March also saw the launch of the Recovery test. It is a testament to the responsiveness of the UK research system to the pandemic that, by March 17, the trial had been designed, received ethical and regulatory approval and was ready to start recruiting patients. Since then, more than 20,000 people have participated to help us understand what therapies work for hospitalized patients with Covid-19, a phenomenal achievement.

In April we were at the peak of wave one of the pandemic, and ICUs in many areas were under significant stress. 12th April, there were 3,301 people with Covid-19 requiring mechanical ventilation in the UK. Fortunately, by August this number had dropped to less than 70. However, by the end of October, it had once again risen above 1,000, where it has remained, and currently shows little sign of abating. It is clear that Covid-19 is far from done with us yet.

In the fall, data emerged suggesting that what many thought would be nearly impossible had actually been achieved: Multiple effective vaccines against Sars-CoV-2 had been developed in less than 12 months. December 2020 has seen the start of what will be a massive vaccination program in the UK starting with 50 NHS hospitals.

Such a tumultuous and difficult period prompts him to reconsider the events and his role in them. Something in particular I have learned this year: Before 2020, I had never written a newspaper article, or appeared on television, or even talked to a journalist about my work. I am ashamed to admit that I had failed to appreciate the importance of communicating science to a wider audience. The torrent of noise and misinformation during the pandemic changed my point of view and convinced me to start trying to explain these issues more clearly. It is not always easy to understand, but we must make it clear why the availability of specialized health personnel (and not the bed) is important, and why we need both therapies and vaccines so that Covid-19 is available to everyone, among many others problems.
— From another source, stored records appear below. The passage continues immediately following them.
Lemma matchingP M :
  reflect ({in M, forall A, is_edge e A} /\ trivIset M) (matching e M).
Proof. by apply: (iffP andP) => -[/forall_inP edges tri]; split=> //; apply/forall_inP. Qed.

Lemma leq_card_MM M : matching e M -> #|M| <= MM e.
Proof. by move=> mM; apply: (@leq_bigmax_cond _ (matching e)). Qed.

Lemma MM_attained : exists2 M, matching e M & #|M| = MM e.
Proof.
have [|M mM eqM] := @eq_bigmax_cond _ (matching e) (fun M => #|M|); last by exists M.
apply/card_gt0P; exists set0; apply/matchingP; split; first by move=> A; rewrite inE.
by apply/trivIsetP => A; rewrite inE.
Qed.

Lemma is_edge_neq0 A : is_edge e A -> A != set0.
Proof. by case/is_edgeP=> u [v [_ ->]]; apply/set0Pn; exists u; rewrite !inE eqxx. Qed.

Lemma card_matchingU_le_MM M1 M2 :
    matching e M1 -> matching e M2 -> [disjoint cover M1 & cover M2] ->
  #|M1| + #|M2| <= MM e.
Proof.
move=> /matchingP[edge1 tri1] /matchingP[edge2 tri2] dis.
have dM : M1 :&: M2 = set0.
  apply/setP => A; rewrite !inE; apply/negbTE/andP => -[AM1 AM2].
  have /set0Pn[u uA] := is_edge_neq0 (edge1 A AM1).
  have uc1 : u \in cover M1 by apply/bigcupP; exists A.
  by have := disjointFr dis uc1; rewrite (_ : u \in cover M2) //; apply/bigcupP; exists A.
rewrite -cardsUI dM cards0 addn0.
apply/leq_card_MM/matchingP; split; last exact: trivIsetU.
by move=> A /setUP[/edge1|/edge2].
Qed.

Definition pair_set (Z : {set T}) (f : T -> T) : {set {set T}} :=
  [set [set a; f a] | a in Z].

Lemma pair_set_matching Z B f :
    [disjoint Z & B] -> matches_into e Z B f ->
  [/\ matching e (pair_set Z f), #|pair_set Z f| = #|Z|
    & cover (pair_set Z f) \subset Z :|: B].
Proof.
move=> dZB [f_inj fP].
have fZ a b : a \in Z -> b \in Z -> (f a == b) = false.
  move=> aZ bZ; apply/negbTE; apply: contraTneq bZ => <-.
  by have [faB _] := fP a aZ; rewrite (disjointFl dZB faB).
have pairP a b : a \in Z -> b \in Z -> b \in [set a; f a] = (b == a).
  by move=> aZ bZ; rewrite !inE [b == f a]eq_sym fZ // orbF.
split.
- apply/matchingP; split=> [_ /imsetP[a aZ ->]|].
    by apply/is_edgeP; exists a, (f a); have [_ ->] := fP a aZ.
  apply/trivIsetP => _ _ /imsetP[a aZ ->] /imsetP[b bZ ->] neq.
  have ab : a != b by apply: contraNneq neq => ->.
  rewrite -setI_eq0; apply/eqP/setP => c; rewrite !inE.
  apply/negbTE/andP => -[/orP[]/eqP-> /orP[]/eqP].
  + by move/eqP: ab.
  + by move/esym/eqP; rewrite fZ.
  + by move/eqP; rewrite fZ.
  + by move/f_inj => /(_ aZ bZ) /eqP; rewrite (negbTE ab).
- rewrite card_in_imset // => a b aZ bZ /= eq_ab.
  by apply/eqP; rewrite -(pairP b a bZ aZ) -eq_ab !inE eqxx.
apply/subsetP => c /bigcupP[_ /imsetP[a aZ ->]]; rewrite !inE => /orP[]/eqP->.
  by rewrite aZ.
by have [-> _] := fP a aZ; rewrite orbT.
Qed.
End Matchings.
Lemma asc_swap (k : {ffun 'I_n -> 'I_N}) :
  (k a < k b)%N -> asc m k = (asc m (swap_col k)).+1.
Proof.
move=> kab.
have -> : asc m (swap_col k) =
    #|[set p | inc_edge m (tperm a b p.1) (tperm a b p.2) && (k p.1 < k p.2)%N]|.
  rewrite -(card_set_perm2 (tperm a b)
    (fun u v => inc_edge m (tperm a b u) (tperm a b v) && (k u < k v)%N)).
  by apply: eq_card => p; rewrite !inE !tpermK !ffunE.
have a_neq_b : (a, b) != (b, a).
  by move: edge_ab; rewrite /inc_edge xpair_eqE -val_eqE => /andP[/ltn_eqF ->].
have tperm_edges p : p != (a, b) -> p != (b, a) ->
    inc_edge m (tperm a b p.1) (tperm a b p.2) = inc_edge m p.1 p.2.
  by case: p; exact: edge_tperm.
have := @card_predU1_swap _ (fun p => inc_edge m p.1 p.2)
  (fun p => inc_edge m (tperm a b p.1) (tperm a b p.2)) (fun p => k p.1 < k p.2)%N
  (a, b) (b, a) a_neq_b tperm_edges edge_ab (inc_edge_asym edge_ab).
rewrite /= tpermL tpermR => /(_ (inc_edge_asym edge_ab) edge_ab).
by rewrite kab ltnNge (ltnW kab) addn0 addn1.
Qed.

End Transposition.

Lemma edge_wt_modular N (c p q : 'I_N) : (p < q)%N ->
  ((1 + 'X) * edge_wt c p - 'X - edge_wt c q * edge_wt c p) * 'X
  + ((1 + 'X) * edge_wt c q - 'X - edge_wt c p * edge_wt c q) = 0.
Proof.
rewrite /edge_wt -!(inj_eq val_inj) => pq.
case: (ltngtP c p) => [cp|pc|/val_inj ->].
- by rewrite (ltn_trans cp pq) (ltn_eqF (ltn_trans cp pq)) /=; ring.
- by case: (ltngtP c q) => /= _; ring.
- by rewrite pq (ltn_eqF pq) /=; ring.
Qed.

Section ModularRelation.

Variables (n N : nat) (m0 m1 m2 : nat -> nat) (c a b : 'I_n).
Hypothesis edge_m1 : forall u v,
  inc_edge m1 u v = inc_edge m0 u v || ((u, v) == (c, a)).
Hypothesis new_ca : ~~ inc_edge m0 c a.
Hypothesis edge_m2 : forall u v,
  inc_edge m2 u v = inc_edge m1 u v || ((u, v) == (c, b)).
Hypothesis new_cb : ~~ inc_edge m1 c b.
Hypothesis edge_ab : inc_edge m0 a b.
Hypothesis edge_tperm : forall u v, (u, v) != (a, b) -> (u, v) != (b, a) ->
  inc_edge m0 (tperm a b u) (tperm a b v) = inc_edge m0 u v.
Hypothesis a_neq_c : a != c.
Hypothesis b_neq_c : b != c.

Lemma chromQS_modular :
  (1 + 'X) *: chromQS n m1 N = 'X *: chromQS n m0 N + chromQS n m2 N.
Proof.
pose defect (k : {ffun 'I_n -> 'I_N}) :=
  (1 + 'X) * chrom_coef m1 k - 'X * chrom_coef m0 k - chrom_coef m2 k.
have defectE k : defect k = ((1 + 'X) * edge_wt (k c) (k a) - 'X
    - edge_wt (k c) (k b) * edge_wt (k c) (k a)) * chrom_coef m0 k.
  rewrite /defect (chrom_coef_addedge edge_m2) // (chrom_coef_addedge edge_m1) //.
  by ring.
have defect_eq (k : {ffun 'I_n -> 'I_N}) : k a = k b -> defect k = 0.
  move=> kab; rewrite defectE /chrom_coef.
  have /negbTE-> : ~~ proper_col m0 k.
    by apply/negP => /forallP/(_ a)/forallP/(_ b); rewrite edge_ab kab eqxx.
  by rewrite mulr0.
have defect_pair (k : {ffun 'I_n -> 'I_N}) :
    (k a < k b)%N -> defect k + defect (swap_col a b k) = 0.
  move=> kab; rewrite !defectE.
  have -> : chrom_coef m0 k = 'X * chrom_coef m0 (swap_col a b k).
    rewrite /chrom_coef proper_col_swap // (asc_swap edge_ab) //.
    by case: ifP; rewrite ?mulr0 ?exprS.
  rewrite !ffunE tpermL tpermR (tpermD a_neq_c b_neq_c) mulrA -mulrDl.
  by rewrite edge_wt_modular ?mul0r.
suff defect_sum : \sum_k defect k *: col_mono k = 0.
  apply/eqP; rewrite -subr_eq0 opprD addrA; apply/eqP.
  rewrite -[RHS]defect_sum !chromQSE !scaler_sumr -!sumrB; apply: eq_bigr => k _.
  by rewrite !scalerBl !scalerA.
rewrite (bigID (fun k : {ffun 'I_n -> 'I_N} => k a < k b)%N) /=.
have -> : \sum_(k : {ffun 'I_n -> 'I_N} | ~~ (k a < k b)%N) defect k *: col_mono k
        = \sum_(k : {ffun 'I_n -> 'I_N} | (k a < k b)%N)
            defect (swap_col a b k) *: col_mono k.
  rewrite [RHS](reindex_inj (can_inj (swap_colK a b))) /=.
  rewrite big_mkcond [RHS]big_mkcond; apply: eq_bigr => k _.
  rewrite !ffunE tpermL tpermR swap_colK col_mono_swap.
  by case: (ltngtP (k a) (k b)) => // /val_inj kab; rewrite defect_eq ?scale0r.
rewrite -big_split /=; apply: big1 => k kab.
by rewrite -scalerDl defect_pair ?scale0r.
Qed.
This year has also reinforced my view that building the resilience of healthcare globally, nationally and locally requires commitment and long-term planning. For the NHS, this means that we must ensure that we have the right specialized personnel, equipment and other infrastructure to deal with the storms we may face, with the coronavirus and beyond. No one can honestly say that the UK has navigated to 2020 without having to make difficult decisions and compromises that we would rather not have faced: the impact of the pandemic on the provision of healthcare for people with non-Covid conditions has been and is still, significant. On many occasions this year, doctors, patients, families, legislators and politicians have been faced with having to choose the least bad option in difficult circumstances. No one has been immune to the stress of this.

Most of the “wins” this year come from preparation and collaboration. An example of this is the astonishing contribution of the National Institute for Health Research (NIHR) to the UK pandemic response. It has allowed us to quickly learn about Covid-19 by supporting recruitment for observational studies such as Isárico-4C (the WHO Covid-19 study described above), React (a Covid-19 home test study), and GenoMICC (a global initiative to understand critical illness) and has offered thousands of people the opportunity to participate in clinical trials of therapies and vaccines. This work has helped change clinical practice around the world by conducting significant research.

As we move into 2021, I once again find myself looking forward to what the new year might bring. However, I am convinced that preparedness, flexibility, and a commitment to collaboration are what is needed to weather the storms we may face in the months and years to come.

• Dr. Charlotte Summers is Professor of Intensive Care Medicine at the University of Cambridge.